Вопреки популярной легенде, Татьяна Ильинична Миронова не была русской моделью, которую Гарри Колтон увидел за продажей овощей на саратовском рынке, – этот городской апокриф наверняка придумали поклонники Натальи Водяновой. Татьяна Миронова была чрезвычайно находчивой русской женщиной, приехавшей в Америку по туристической визе с вырученными за продажу родительской дачи деньгами. Не вполне ясно, как именно она перешла к созданию успешного IT-бизнеса, но достоверно известно: когда Гарри Колтон встретил ее в Сан-Франциско, она была уже преуспевающей и все еще молодой блондинкой. Через полгода после свадьбы Татьяна Миронова продала свой бизнес, переехала в Нью-Йорк и стала скучать. Судя по результатам поиска в гугле, скучала она отчаянно. Интернет пестрел ее фотографиями с открытий выставок, благотворительных собраний и гала-вечеров оперы Метрополитен. Отложив меню, она немедленно принялась за меня.
– Итак, диплом по холодной войне и работа по борьбе с терроризмом. Интересный выбор для женщины. С чем связан?
Я не стала говорить ей, что моя работа не так уж и интересна. Всем кажется, будто она состоит из преодоления опасностей, поездок в горячие точки, где бомбы обязательно взрываются справа и слева от тебя, пока ты идешь по пустыне. На самом деле я занималась аналитикой и изучением идеологий: сидела в офисе за компьютером, бесконечно читала, составляла статистические модели и искала слабые точки. Это было увлекательно, это было круто – однако не так круто, чтобы описать незнакомой женщине. Но я обещала Смирновой.
– Я думаю, что приток молодых кадров в подобные профессии отвечает запросам времени.

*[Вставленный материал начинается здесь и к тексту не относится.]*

Lemma twisted_semigroup_Kcancellative : Kcancellative twisted_semigroup.
Proof. exact: tw_scale_Kcancellative. Qed.

End TwistedSemigroup.

Section TwistedRepresentation.
Variables (K : fieldType) (C : category) (rho : C -> C -> K).
Implicit Types x y : C.
Hypothesis rho_out : forall x y, ~ sdef x y -> rho x y = 0.
Hypothesis rho_cocycle : forall x y z, sdef x y -> sdef y z ->
  rho x y * rho (smul x y) z = rho x (smul y z) * rho y z.
Hypothesis rho_eq0_cr : forall x y, sdef x y ->
  rho x y = 0 <-> rho (cr x) (smul x y) = 0.

Definition twisted_rep x : twisted K C :=
  tw_mk (if rho (cr x) x == 0 then 0 else 1) x.

Lemma rho_cr_smul_eq0 x y : sdef x y ->
  (rho (cr (smul x y)) (smul x y) == 0) = (rho x y == 0).
Proof. by move=> hxy; rewrite cr_smul //; apply/eqP/eqP => /(rho_eq0_cr hxy). Qed.

Lemma rho_cr_neq0_l x y : rho x y != 0 -> rho (cr x) x != 0.
Proof.
move=> rho_neq0; have hxy := sdef_of_rho_neq0 rho_out rho_neq0.
have rho_cr_xy_neq0 : rho (cr x) (smul x y) != 0.
  by apply: contra_neq rho_neq0 => /(rho_eq0_cr hxy).
have e := rho_cocycle (cr_def x) hxy; rewrite smul_cr in e.
by move: (mulf_neq0 rho_cr_xy_neq0 rho_neq0); rewrite -e mulf_eq0 negb_or => /andP[].
Qed.

Lemma rho_cr_neq0_r x y : rho x y != 0 -> rho (cr y) y != 0.
Proof.
move=> rho_neq0; have hxy := sdef_of_rho_neq0 rho_out rho_neq0.
have hx_cr := sdef_smul_cr hxy.
have rho_x_cr_neq0 : rho x (cr y) != 0.
  apply: contra_neq (rho_cr_neq0_l rho_neq0) => /(rho_eq0_cr hx_cr).
  by rewrite smul_smul_cr.
have e := rho_cocycle hx_cr (cr_def y); rewrite smul_smul_cr // smul_cr in e.
by move: (mulf_neq0 rho_x_cr_neq0 rho_neq0); rewrite e mulf_eq0 negb_or => /andP[].
Qed.

Lemma twisted_rep_scale x y :
  tw_scale (rho x y) (twisted_rep (smul x y)) = tw_mk (rho x y) (smul x y).
Proof.
rewrite /twisted_rep tw_scale_mk.
have [->|rho_neq0] := eqVneq (rho x y) 0; first by rewrite mul0r.
have hxy := sdef_of_rho_neq0 rho_out rho_neq0.
by rewrite rho_cr_smul_eq0 // (negbTE rho_neq0) mulr1.
Qed.

Lemma twisted_rep_mul x y :
  tw_mul rho (twisted_rep x) (twisted_rep y)
  = tw_scale (rho x y) (twisted_rep (smul x y)).
Proof.
rewrite twisted_rep_scale /twisted_rep tw_mul_mk.
have [->|rho_neq0] := eqVneq (rho x y) 0; first by rewrite mulr0.
by rewrite (negbTE (rho_cr_neq0_l rho_neq0)) (negbTE (rho_cr_neq0_r rho_neq0)) !mul1r.
Qed.

Lemma twisted_rep_eq0 x y : sdef x y ->
  twisted_rep (smul x y) = None <-> rho x y = 0.
Proof.
move=> hxy; rewrite /twisted_rep rho_cr_smul_eq0 // tw_mk_eq0.
case: eqP => [-> //|rho_neq0]; split=> [/eqP|//].
by rewrite oner_eq0.
Qed.

Local Notation tw_semigroup := (twisted_semigroup rho_out rho_cocycle).

Lemma twisted_rep_factor_set : factor_set_of (S := tw_semigroup) twisted_rep rho.
Proof.
move=> x y; split=> [[hxy Gxy_neq0]|not_def_or_G0].
  split; first exact: twisted_rep_mul.
  by apply/eqP => /(twisted_rep_eq0 hxy).
have [//|rho_neq0] := eqVneq (rho x y) 0.
have hxy := sdef_of_rho_neq0 rho_out rho_neq0.
case: not_def_or_G0; split=> // /(twisted_rep_eq0 hxy)/eqP.
by rewrite (negbTE rho_neq0).
Qed.

Lemma twisted_rep_proj_rep : proj_rep (S := tw_semigroup) twisted_rep.
Proof.
split=> [x y hxy /=|].
  by rewrite twisted_rep_mul twisted_rep_scale tw_mk_eq0; exact: twisted_rep_eq0.
split=> [x y nxy /=|].
  by rewrite twisted_rep_mul twisted_rep_scale rho_out // tw_mk0.
by exists rho => x y hxy hG; exact: (twisted_rep_factor_set x y).1.
Qed.

Lemma cocycle_is_factor_set : is_factor_set rho.
Proof.
exists tw_semigroup, twisted_rep.
split; first exact: twisted_semigroup_Kcancellative.
split; [exact: twisted_rep_proj_rep | exact: twisted_rep_factor_set].
Qed.

End TwistedRepresentation.

Theorem mainTheorem5 (C : category) (K : fieldType) (rho : C -> C -> K)
  (rho_out : forall x y : C, ~ sdef x y -> rho x y = 0) :
  is_factor_set rho <->
  (forall x y z : C, sdef x y -> sdef y z ->
     rho x y * rho (smul x y) z = rho x (smul y z) * rho y z
     /\ (rho x y = 0 <-> rho (cr x) (smul x y) = 0)).
Proof.
split=> [[S [G [canc [rep fs]]]] x y z hxy hyz|cond].
  split; first exact: factor_set_cocycle.
  rewrite (factor_set_eq0P fs hxy) (factor_set_eq0P fs (sdef_cr_smul hxy)).
  by rewrite smul_cr_smul.
apply: cocycle_is_factor_set => // [x y z hxy hyz|x y hxy].
  exact: (cond x y z hxy hyz).1.
exact: (cond x y (cd y) hxy (cd_def y)).2.
Qed.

Видите ли, становление нынешнего поколения сопровождалось социальными катаклизмами и разрушениями, ощущением нарастающего мирового хаоса. – Перейдя на отутюженный язык деловых разговоров, я вошла в ритм, стала четко выделять паузы и акцентировать перечисление. – Лейтмотивом нашей юности было смутное понимание того, что где-нибудь всегда идет война, что ненависть и насилие распространяются по всему миру. 9/11, взрывы самолетов, Иран, Афганистан, ИГИЛ, Париж, Бейрут – все это перестало восприниматься как отдельные страшные события, а превратилось в единое целое, в единственный мир, который мы знаем. И это постоянно нарастающее ощущение экзистенциального хаоса заставляет сегодня выбирать менее традиционные профессии. В каком-то смысле это не борьба с конкретными людьми и организациями – это борьба с постоянным ощущением страха и желание защитить от него других, – впечатала я последнюю фразу и перевела дыхание.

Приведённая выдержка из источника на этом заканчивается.